Dataset entries »
--------

Theorem lemma11 (R : realType) (f : R -> R) (p : R) (n : nat) :
  cond1 f -> cond2b f -> 0 < p ->
  (* the series defining the integrand converges at every r >= 0 *)
  (forall r, 0 <= r -> cvgn (series (fun k => summand f p n k r))) /\
  (* every summand is integrable on [0,oo) *)
  (forall k, (@lebesgue_measure R).-integrable (halfline R) (EFin \o summand f p n k)) /\
  (* the sum is integrable on [0,oo) *)
  (@lebesgue_measure R).-integrable (halfline R)
     (EFin \o (fun r => limn (series (fun k => summand f p n k r)))) /\
  (* the series of integrals converges *)
  cvgn (series (fun k => \int[@lebesgue_measure R]_(r in halfline R) summand f p n k r)) /\
  (* and the two orders of summation / integration agree *)
  2 * pi * (\int[@lebesgue_measure R]_(r in halfline R)
               limn (series (fun k => summand f p n k r)))
  = 2 * pi * limn (series (fun k =>
               \int[@lebesgue_measure R]_(r in halfline R) summand f p n k r)).
Proof.
move=> f1 f2b p_gt0.
pose C := p / pi * (2 * n + 1)`!%:R * expR (2 / p).
pose u k := moment f (2 * k) * (3 * p) ^+ k / k`!%:R.
have C_ge0 : 0 <= C by rewrite !mulr_ge0 ?invr_ge0 ?ler0n ?pi_ge0 ?expR_ge0 ?(ltW p_gt0).
have u_ge0 k : 0 <= u k.
  by rewrite divr_ge0 // mulr_ge0 ?moment_ge0 // exprn_ge0 // mulr_ge0 ?(ltW p_gt0).
have cvg_u : cvgn (series u).
  by apply: cvg_moment_exp_series; rewrite ?mulr_gt0.
have [cvg_S [int_g [int_S [cvg_int ->]]]] :=
  @series_integral_exchange _ _ _ (@lebesgue_measure R) (halfline R)
    (summand f p n) (C *: u) (fun r => expR (- r)) (measurable_itv _)
    (fun k => measurable_funTS (measurable_summand f p n k))
    (fun k => mulr_ge0 C_ge0 (u_ge0 k)) (is_cvg_seriesZ (k := C) cvg_u)
    (integrable_expRN R) (fun r _ => expR_ge0 (- r))
    (fun k r r_ge0 => norm_summand_le n k f1 p_gt0 ((halflineP r).1 r_ge0)).
by split; [move=> r /halflineP; exact: cvg_S | do !split].
Qed.
Lemma sat_exs (s : nat -> M) (y : list nat) (p : formula L M) :
  sat L M s (exs y p) <->
  exists s', (forall w, ~ In w y -> s' w = s w) /\ sat L M s' p.
Proof.
  revert s; induction y as [|v y IH]; intros s; simpl.
  - split; [intros H; exists s; auto|intros [s' [Hs' H]]].
    replace s with s'; auto. apply functional_extensionality. auto.
  - split.
    + intros [a Ha]. apply IH in Ha. destruct Ha as [s' [Hs' H]].
      exists s'; split; auto. intros w Hw. rewrite Hs' by tauto. unfold upd.
      destruct (Nat.eqb_spec w v); subst; tauto.
    + intros [s' [Hs' H]]. exists (s' v). apply IH. exists s'; split; auto.
      intros w Hw. unfold upd. destruct (Nat.eqb_spec w v); subst; auto.
      apply Hs'. intros [E|E]; [congruence|tauto].
Qed.

Lemma vars_in_exs (V : nat -> Prop) (y : list nat) (p : formula L M) :
  vars_in (fun w => In w y \/ V w) p -> vars_in V (exs y p).
Proof.
  revert V; induction y as [|v y IH]; intros V H; simpl in *.
  - eapply vars_in_mono; [|exact H]. intros w [[]|]; auto.
  - apply IH. eapply vars_in_mono; [|exact H]. intros w [[E|E]|E]; auto.
Qed.
(* For each $C>0$ and $K>1$ there exist $D=D(K,C)>C$ and $L=L(K,C)>C$ with the following property. Let $J\subseteq\mathbb Z$ be a nonempty set of consecutive integers, $p\in X$, and for each $i\in J$ let $\kappa_i$ be a $K$-contracting axis from $x_i$ to $y_i$ whose domain has length greater than $L$. Suppose $(\kappa_i)_{i\in J}$ is $C$-aligned. Then: (1) for each $i\in J$, the statements ''$(\kappa_i,p)$ is $D$-aligned'' and ''$(p,\kappa_i)$ is $D$-aligned'' cannot hold simultaneously; (2) the set $J_0=\{j\in J:(\kappa_i,p)\text{ is }D\text{-aligned for all }i\in J,\ i<j,\text{ and }(p,\kappa_i)\text{ is }D\text{-aligned for all }i\in J,\ i>j\}$ consists of either a single integer or two consecutive integers; (3) $\pi_{\bigcup_i\kappa_i}(p)$ is nonempty and contained in $\bigcup_{j\in J_0}\pi_{\kappa_j}(p)$; (4) $(\kappa_l,\kappa_m)$ is $D$-aligned for all $l,m\in J$ with $l<m$.
   Context: $X$ is a geodesic metric space. For $A\subseteq X$, $\pi_A(z)=\{a\in A:d(z,a)=d(z,A)\}$ and $\pi_A(B)=\bigcup_{b\in B}\pi_A(b)$. $A$ is $K$-contracting if $\pi_A(z)\ne\emptyset$ for all $z$ and $d(x,y)\le d(x,A)-K$ implies $\operatorname{diam}(\pi_A(x)\cup\pi_A(y))\le K$. A $K$-quasigeodesic is a map $\gamma$ from an interval of $\mathbb R$ or a set of consecutive integers to $X$ with $|s-t|/K-K\le d(\gamma(s),\gamma(t))\le K|s-t|+K$; a $K$-contracting axis is a $K$-quasigeodesic with $K$-contracting image; projections onto a path mean onto its image. Alignment: for paths $\kappa$ from $a$ to $a'$ and $\eta$ from $b'$ to $b$, $(\kappa,\eta)$ is $C$-aligned if $\operatorname{diam}(a'\cup\pi_\kappa(\eta))<C$ and $\operatorname{diam}(b'\cup\pi_\eta(\kappa))<C$. A sequence $(\kappa_i)_{i\in J}$ of paths is $C$-aligned if $(\kappa_i,\kappa_{i+1})$ is $C$-aligned whenever $i,i+1\in J$. A point is treated as a degenerate path with both endpoints equal to itself; thus $(\kappa,p)$ is $D$-aligned iff $\operatorname{diam}(a'\cup\pi_\kappa(p))<D$ where $a'$ is the terminal point of $\kappa$, and $(p,\kappa)$ is $D$-aligned iff $\operatorname{diam}(a\cup\pi_\kappa(p))<D$ where $a$ is the initial point of $\kappa$. *)

From Stdlib Require Import Reals ZArith.
From Coquelicot Require Import Coquelicot.
Open Scope R_scope.

Set Implicit Arguments.

Section Geo.
Variable X : Type.
Variable d : X -> X -> R.

Definition is_metric : Prop :=
  (forall x, d x x = 0) /\ (forall x y, d x y = 0 -> x = y) /\
  (forall x y, d x y = d y x) /\ (forall x y z, d x z <= d x y + d y z).

Definition is_geodesic : Prop :=
  forall x y, exists g : R -> X, g 0 = x /\ g (d x y) = y /\
    forall s t, 0 <= s <= d x y -> 0 <= t <= d x y -> d (g s) (g t) = Rabs (s - t).

Definition dist_set (A : X -> Prop) (z : X) : R :=
  real (Glb_Rbar (fun r => exists a, A a /\ r = d z a)).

--------

WORK ITEM »
Reproduce the line that contains "Definition dist_set (A" and each line after it through the last line of the entries above, exactly; leave out all earlier lines.

FINAL ANSWER »
Definition dist_set (A : X -> Prop) (z : X) : R :=
  real (Glb_Rbar (fun r => exists a, A a /\ r = d z a)).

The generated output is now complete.